The Wall Street Journal is reporting on the curious case of one U.S. university that has avoided the crushing losses to its endowment fund suffered by other schools like Harvard and Yale. (And Canadian universities, too.)
That school is the 150-year-old Cooper Union for the Advancement of Science and Art, which charges no tuition, and is headquartered in New York City’s East Village neighbourhood.
From the sounds of it, the recent financial meltdown hasn’t made much of a dent — the school has nearly finished construction on a new $150-million academic building, is hiring for a new biology program, is launching an environmental-design institute and will soon debut a master’s degree program in architecture.
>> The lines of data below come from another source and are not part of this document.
(* Let $F$ be a rooted forest, let $U_1,U_2$ be a partition of $V(F)$ into convex subsets, and let $m_1,m_2\in\mathbb{N}_0$. Then $\mathrm{OPTZ}(F[U_1],m_1)+\mathrm{OPTZ}(F[U_2],m_2)\le\mathrm{OPTZ}(F,m_1+m_2)$.
   Context: A set $U\subseteq V(F)$ is convex if any two vertices of $U$ connected in $F$ are also connected in the induced subforest $F[U]$. A tree-sum data structure is initialized with a weighted rooted forest $(F,w)$ with weights in a commutative group $G$ (some vertices may be auxiliary: weight $0$, no operation applies to them) and processes online $\textsf{cut}(v)$ (delete the edge from $v$ to its parent; legal only if $v$ is not a root), $\textsf{update-weight}(v,x)$ and $\textsf{tree-sum}(v)$ (sum of weights of the tree of the current forest containing $v$), in the group model (group elements may only be added and subtracted, no other inspection; correct for every commutative group). An initial-zero tree-sum data structure is one that only accepts initial forests in which all weights are zero. $\mathrm{OPTZ}(F,m)$ is the minimum, over initial-zero tree-sum data structures $D$, of the maximum number of group additions and subtractions $D$ performs when executing a legal sequence of $m$ operations starting from $F$ with zero weights, maximized over operation sequences. *)

From HB Require Import structures.
From mathcomp Require Import all_boot all_algebra.
From Stdlib Require Import ClassicalEpsilon.
Set Implicit Arguments. Unset Strict Implicit. Unset Printing Implicit Defensive.
Import GRing.Theory.

Section Defs.
Variable V : finType.

(* A rooted forest: a vertex set and a parent map (None = root). *)
Record rforest := RForest { fverts : {set V}; fpar : V -> option V }.

(* Well-formedness: parents stay in the vertex set, and following parents
   from any vertex eventually reaches a root (no cycles). *)
Definition is_rforest (F : rforest) : Prop :=
  (forall u p, u \in fverts F -> fpar F u = Some p -> p \in fverts F) /\
  (forall u, u \in fverts F ->
     exists n, iter n (fun o => obind (fpar F) o) (Some u) = None).

Definition fedge (F : rforest) : rel V := fun a b =>
  [&& a \in fverts F, b \in fverts F &
      (fpar F a == Some b) || (fpar F b == Some a)].

Definition fconnected (F : rforest) (u v : V) : bool := connect (fedge F) u v.

Definition induced (F : rforest) (U : {set V}) : rforest :=
  RForest (fverts F :&: U)
    (fun u => if u \in U then
                match fpar F u with
                | Some p => if p \in U then Some p else None
                | None => None end
              else None).

Definition convex (F : rforest) (U : {set V}) : Prop :=
  forall u v, u \in U -> v \in U -> fconnected F u v -> fconnected (induced F U) u v.

(* Operations (the value x of update-weight(v,x) is supplied separately). *)
Inductive op := Cut of V | Upd of V | Query of V.

Definition is_cut (u : V) (o : op) : bool := if o is Cut w then w == u else false.

Definition cur (F : rforest) (s : seq op) (t : nat) : rforest :=
  RForest (fverts F) (fun u => if has (is_cut u) (take t s) then None else fpar F u).

Definition legal (F : rforest) (s : seq op) : Prop :=
  forall t, match onth s t with
            | Some (Cut v) => v \in fverts F /\ fpar (cur F s t) v <> None
            | Some (Upd v) | Some (Query v) => v \in fverts F
            | None => True
            end.

(* Only IAdd/ISub
   (group additions/subtractions) are charged; copying, zeroing and reading the
   argument x of the current update-weight are free. *)
Inductive instr :=
| IAdd of nat & nat & nat
| ISub of nat & nat & nat
| ICopy of nat & nat
| IZero of nat
| IInput of nat.            (* c := x (argument of current update-weight) *)

Definition cost_instr (i : instr) : nat :=
  match i with IAdd _ _ _ | ISub _ _ _ => 1 | _ => 0 end.

Definition setm (G : zmodType) (m : nat -> G) (c : nat) (y : G) : nat -> G :=
  fun k => if k == c then y else m k.

Definition exec (G : zmodType) (x : G) (m : nat -> G) (i : instr) : nat -> G :=
  match i with
  | IAdd a b c => setm m c (m a + m b)%R
  | ISub a b c => setm m c (m a - m b)%R
  | ICopy a c => setm m c (m a)
  | IZero c => setm m c 0%R
  | IInput c => setm m c x
  end.

(* A deterministic online data structure in the group model (for a fixed
   initial forest F): on the history of operations so far (the last one being
   the current operation) it runs a straight-line program on its memory and,
   for a query, returns the index of the cell holding the answer.  Its control
   flow cannot depend on group values. *)
Definition ds := seq op -> seq instr * nat.

Definition input (G : zmodType) (s : seq op) (xs : nat -> G) (t : nat) : G :=
  match onth s t with Some (Upd _) => xs t | _ => 0%R end.

(* memory after executing the first t operations; initially all cells hold 0
   (all initial weights are zero) *)
Fixpoint memAt (G : zmodType) (D : ds) (s : seq op) (xs : nat -> G) (t : nat)
  : nat -> G :=
  match t with
  | 0 => fun _ => 0%R
  | t'.+1 => foldl (exec (input s xs t')) (memAt D s xs t') (D (take t'.+1 s)).1
  end.

Fixpoint weight (G : zmodType) (s : seq op) (xs : nat -> G) (t : nat) (u : V) : G :=
  match t with
  | 0 => 0%R
  | t'.+1 => match onth s t' with
             | Some (Upd v) => if v == u then xs t' else weight s xs t' u
             | _ => weight s xs t' u
             end
  end.

Definition treesum (G : zmodType) (F : rforest) (s : seq op) (xs : nat -> G)
  (t : nat) (v : V) : G :=
  (\sum_(u in fverts F | fconnected (cur F s t) u v) weight s xs t u)%R.

Definition correct (F : rforest) (D : ds) : Prop :=
  forall (G : zmodType) (s : seq op), legal F s ->
  forall (xs : nat -> G) (t : nat) (v : V), onth s t = Some (Query v) ->
    memAt D s xs t.+1 (D (take t.+1 s)).2 = treesum F s xs t v.

Definition cost (D : ds) (s : seq op) : nat :=
  \sum_(t < size s) sumn (map cost_instr (D (take t.+1 s)).1).

Definition worst_le (F : rforest) (D : ds) (m k : nat) : Prop :=
  forall s, legal F s -> size s = m -> cost D s <= k.

Definition OPTZ (F : rforest) (m : nat) : nat :=
  epsilon (inhabits 0)
    (fun k => (exists D, correct F D /\ worst_le F D m k) /\
              forall k', (exists D, correct F D /\ worst_le F D m k') -> k <= k').

End Defs.

From mathcomp Require Import all_boot all_algebra.
From Stdlib Require Import Classical ClassicalEpsilon FunctionalExtensionality Wf_nat.
Set Implicit Arguments. Unset Strict Implicit. Unset Printing Implicit Defensive.
Import GRing.Theory.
More: Endowments for Dummies
Three years ago, particularly keeping in mind the tech bust and 9/11, the university’s administration decided to reduce the risks in their endowment fund. They renegotiated a property lease to ensure an steady income, sold some land, raised some money and hired some conservative investment managers. The school’s $600-million endowment has subsequently stayed about the same — and may even be up a bit at the end of the school’s fiscal year.
Those results are markedly different from schools that used what a Cooper spokesman calls the “Yale model,” in which schools eschew stocks in favour of alternative investments like private equity, commodities and timber.
In comparison, most Canadian and U.S. universities are dealing with endowment losses between 20 to 30 per cent.